Welcome to 2023.
It was exactly one year ago that the S&P 500 hit its peak, closing at a record high of nearly 4,800. The broad index is down nearly 21 percent since that peak. The 19.4 percent decline for all of 2022 makes it the worst calendar year since 2009. If you count just from the January 3rd peak to the October trough, the market fell by slightly more than 25 percent.
The traditional diversification strategy of putting 60 percent of your portfolio in stocks and 40 percent in bonds was not much help last year. Government bonds sank something like 18.3 percent for the year and investment grade corporate bonds fell by 16.1 percent. A Bloomberg index tracking the 60/40 mix fell by around 17 percent as stocks and bonds fell sharply. Bond prices move in the opposite direction of yields, so the Federal Reserve rate cuts were a massive negative for bonds last year.
There was nowhere to hide. Global equity markets fell by 19.8 percent, according to analysts at Bank of America. That’s the worst performance since 2008. They had been down by as much as 27 percent before the fourth-quarter rally.
We begin the new year with widespread expectations of a recession. According to a survey by the Wall Street Journal, more than two-thirds of economists at 23 major financial institutions are forecasting a recession in 2023. Some of those not forecasting a recession next year simply believe it will take more time and are forecasting a 2024 recession. Kristalina Georgieva, the head of the International Monetary Fund, says that nearly one-third of the world economy will be in a recession next year. For good measure, she adds: “Even countries that are not in recession, it would feel like recession for hundreds of millions of people.”
Michael Burry, the investor made famous by the Michael Lewis book The Big Short and the film version in which he was portrayed by Christian Bale, takes it a step further. Around a half hour before midnight on the first day of the year, Burry tweeted out his prediction that the downturn will bring on a new round of fiscal and monetary stimulus, triggering another spike in inflation, presumably in 2024.
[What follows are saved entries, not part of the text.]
(* Let $t\in\mathbb{Z}_+$ and let agent $i$ have binary values $v_i(g)\in\{0,1\}$ and quantile $\tau_i=\frac{t}{t+1}$. Let $B\subseteq M$ be a bundle containing exactly $\ell$ items of value $1$ for $i$. Then $v_i(B)=1$ if and only if the number of items in $B$ of value $0$ for $i$ is at most $\ell t-1$.
   Context: For a nonempty bundle $S\subseteq M$, order its items as $g_1,\dots,g_{|S|}$ with $v_i(g_1)\le\dots\le v_i(g_{|S|})$; then $v_i(S)=v_i(g_{\lceil \tau_i|S|\rceil})$ if $\tau_i>0$ and $v_i(S)=v_i(g_1)$ if $\tau_i=0$. *)

From mathcomp Require Import all_boot all_order all_algebra.
Set Implicit Arguments. Unset Strict Implicit. Unset Printing Implicit Defensive.
Import Order.TTheory GRing.Theory Num.Theory.
Local Open Scope ring_scope.

(* Quantile value of a nonempty bundle S for valuation v with quantile tau:
   sort the item values of S increasingly as v(g_1) <= ... <= v(g_|S|);
   return v(g_{ceil(tau |S|)}) if tau > 0 and v(g_1) if tau = 0.
   (Indices are 1-based in the paper, 0-based in nth.) *)
Definition qval (R : realDomainType) (M : finType) (v : M -> R) (tau : rat)
    (S : {set M}) : R :=
  let s := sort <=%R [seq v g | g <- enum S] in
  if tau == 0 then nth 0 s 0
  else nth 0 s (`|Num.ceil (tau * (#|S|%:R))|%N).-1.

From mathcomp Require Import all_boot all_order all_algebra zify.
Import Order.TTheory GRing.Theory Num.Theory.
Local Open Scope ring_scope.

(* With binary values the sorted value sequence of B is z zeros followed by l
   ones, so v(B) = 1 exactly when the quantile index ceil(t (z + l) / (t + 1))
   exceeds z, i.e. when z (t + 1) < t (z + l), i.e. when z < l t. *)

Section SortTwoValued.
Context {d : Order.disp_t} {T : orderType d}.

Lemma sorted_nseq_cat (a b : T) m n :
  (a <= b)%O -> sorted <=%O (nseq m a ++ nseq n b).
Proof.
move=> le_ab; elim: m => [|m IHm] /=.
  by case: n => //= n; elim: n => //= n ->; rewrite lexx.
by rewrite (path_sortedE le_trans) IHm all_cat !all_nseq lexx le_ab !orbT.
Qed.

Lemma sort_two_valued (a b : T) (s : seq T) :
  (a < b)%O -> {subset s <= [:: a; b]} ->
  sort <=%O s = nseq (count_mem a s) a ++ nseq (count_mem b s) b.
Proof.
move=> lt_ab s_ab; apply: (sorted_eq le_trans le_anti).
- exact: sort_le_sorted.
- exact/sorted_nseq_cat/ltW.
have not_a_is_b : filter (predC (pred1 a)) s = filter (pred1 b) s.
  apply: eq_in_filter => x /s_ab; rewrite !inE /=.
  by case/orP=> /eqP ->; rewrite ?eqxx ?(lt_eqF lt_ab) // eq_sym (lt_eqF lt_ab).
rewrite perm_sort -(perm_filterC (pred1 a) s) not_a_is_b.
by rewrite -!size_filter -!(all_pred1P _ _ (filter_all _ _)).
Qed.

End SortTwoValued.

Lemma card_set_in_count (T : finType) (A : {set T}) (P : pred T) :
  #|[set x in A | P x]| = count P (enum A).
Proof.
rewrite -size_filter -(card_uniqP (filter_uniq _ (enum_uniq _))).
by apply: eq_card => x; rewrite mem_filter mem_enum !inE andbC.
Qed.

Lemma nth_nseq_cat (T : Type) (x0 a b : T) m n i :
  nth x0 (nseq m a ++ nseq n b) i =
  if (i < m)%N then a else if (i < m + n)%N then b else x0.
Proof. by rewrite nth_cat size_nseq !nth_nseq; case: ltnP => // ?; rewrite ltn_subLR. Qed.

Definition quantile_rank {F : archiRealDomainType} (tau : F) (n : nat) : nat :=
  `|Num.ceil (tau * n%:R)|%N.

Section QuantileRank.
Variable F : archiRealDomainType.

Lemma ltn_quantile_rank (tau : F) m n :
  0 <= tau -> (m < quantile_rank tau n)%N = (m%:R < tau * n%:R).
Proof.
move=> tau_ge0; have taun_ge0 : 0 <= tau * n%:R by rewrite mulr_ge0.
rewrite -ltz_nat abszE ger0_norm ?ceil_gt_int //.
by rewrite ceil_ge0 (lt_le_trans (ltrN10 _)).
Qed.

Lemma quantile_rank_gt0 (tau : F) n :
  0 < tau -> (0 < n)%N -> (0 < quantile_rank tau n)%N.
Proof. by move=> tau_gt0 n_gt0; rewrite ltn_quantile_rank ?ltW ?mulr_gt0 ?ltr0n. Qed.

Lemma quantile_rank_le (tau : F) n :
  0 <= tau <= 1 -> (quantile_rank tau n <= n)%N.
Proof.
case/andP=> tau_ge0 tau_le1; rewrite leqNgt ltn_quantile_rank // -leNgt.
by rewrite ler_piMl.
Qed.

End QuantileRank.

Lemma ltn_quantile_rank_frac (t z l : nat) :
  (z < quantile_rank (t%:R / t.+1%:R : rat) (z + l))%N = (z < l * t)%N.
Proof.
rewrite ltn_quantile_rank ?divr_ge0 // mulrAC ltr_pdivlMr ?ltr0n //.
by rewrite -!natrM ltr_nat; apply/idP/idP; nia.
Qed.

Lemma qvalE (R : realDomainType) (M : finType) (v : M -> R) (tau : rat)
    (S : {set M}) :
  tau != 0 ->
  qval v tau S = nth 0 (sort <=%R [seq v g | g <- enum S]) (quantile_rank tau #|S|).-1.
Proof. by rewrite /qval => /negbTE ->. Qed.

Theorem lemma2 (R : realDomainType) (M : finType) (v : M -> R) (t l : nat)
    (B : {set M}) :
  (0 < t)%N ->
  (forall g : M, v g = 0 \/ v g = 1) ->
  B != set0 ->
  #|[set g in B | v g == 1]| = l ->
  (qval v ((t%:R / (t.+1)%:R) : rat) B = 1 <->
   (#|[set g in B | v g == 0]|%:Z <= (l * t)%:Z - 1)).
Proof.
move=> t_gt0 v01 B_neq0 card_ones; set z := #|[set g in B | v g == 0]|.
set tau : rat := t%:R / t.+1%:R.
have sort_values : sort <=%R [seq v g | g <- enum B] = nseq z 0 ++ nseq l 1.
  rewrite (@sort_two_valued _ _ 0 1) ?ltr01 //; last first.
    by move=> _ /mapP[g _ ->]; rewrite !inE; case: (v01 g) => ->; rewrite eqxx ?orbT.
  by rewrite !count_map -card_ones /z !card_set_in_count.
have card_B : #|B| = (z + l)%N.
  by rewrite cardE -(size_map v) -(size_sort <=%R) sort_values size_cat !size_nseq.
have tau_gt0 : 0 < tau by rewrite divr_gt0 ?ltr0n.
have rank_gt0 : (0 < quantile_rank tau #|B|)%N.
  by apply: quantile_rank_gt0; rewrite // card_gt0.
have rank_le : (quantile_rank tau #|B| <= #|B|)%N.
  by apply: quantile_rank_le; rewrite ltW //= ler_pdivrMr ?ltr0n // mul1r ler_nat.
rewrite qvalE ?gt_eqF // sort_values nth_nseq_cat.
move: rank_gt0 rank_le (ltn_quantile_rank_frac t z l); rewrite card_B.
set k := quantile_rank _ _ => k_gt0 k_le z_lt_k.
have -> : (k.-1 < z + l)%N by lia.
have -> : (k.-1 < z)%N = ~~ (z < l * t)%N by rewrite -z_lt_k -leqNgt; lia.
case: ltnP => /= z_cmp_lt.
- by split=> // _; lia.
- by split=> [/eqP|]; [rewrite eq_sym oner_eq0 | lia].
Qed.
Wall Street seems convinced that Burry is at least half-right. Bond market indicators imply that the Fed will stop short of its current forecast to hike rates above five percent and begin cutting rates in the back half of next year. That is to say, the bond market is fighting the Fed. Underlying these prices is the view that inflation is likely to come down rapidly enough to allow the Fed to attempt to rescue the economy from the looming recession with rate cuts.
This would, in theory, be good for both stocks and bonds, playing out 2022’s correlated move in reverse. Wall Street is pretty convinced next year will be a good year for government bonds. Michael Hartnett of Bank of America has pointed out that government bonds have lost value for two straight years. Three straight years of losses have never occurred—so history suggests gain. On stocks, however, Wall Street is intensely bearish still. Of course, overwhelming bearishness among Wall Street analysts is historically a contrary indicator.
The view that the Fed will cut because inflation will fade rapidly may be overly simplistic. Fed officials—particularly Chairman Jerome Powell—are acutely aware of past episodes in which the Fed reversed course in an anti-inflationary rate cycle too early, triggering even worse inflation. Powell may prove more hawkish than markets expect. And the economic data may continue to show the economy is extremely volatile rather than smoothly sliding into a slump. The latest evidence for this came from the November construction spending number, which unexpectedly showed spending growing—in part because of surge in spending on manufacturing facilities. That followed a report released 15 minutes earlier by S&P Global indicating the worst slump in manufacturing since May 2020.
Last year began with a consensus about markets, economic growth, and inflation that was wrong in every important aspect. It’s worth considering that this year’s consensus might not be any better.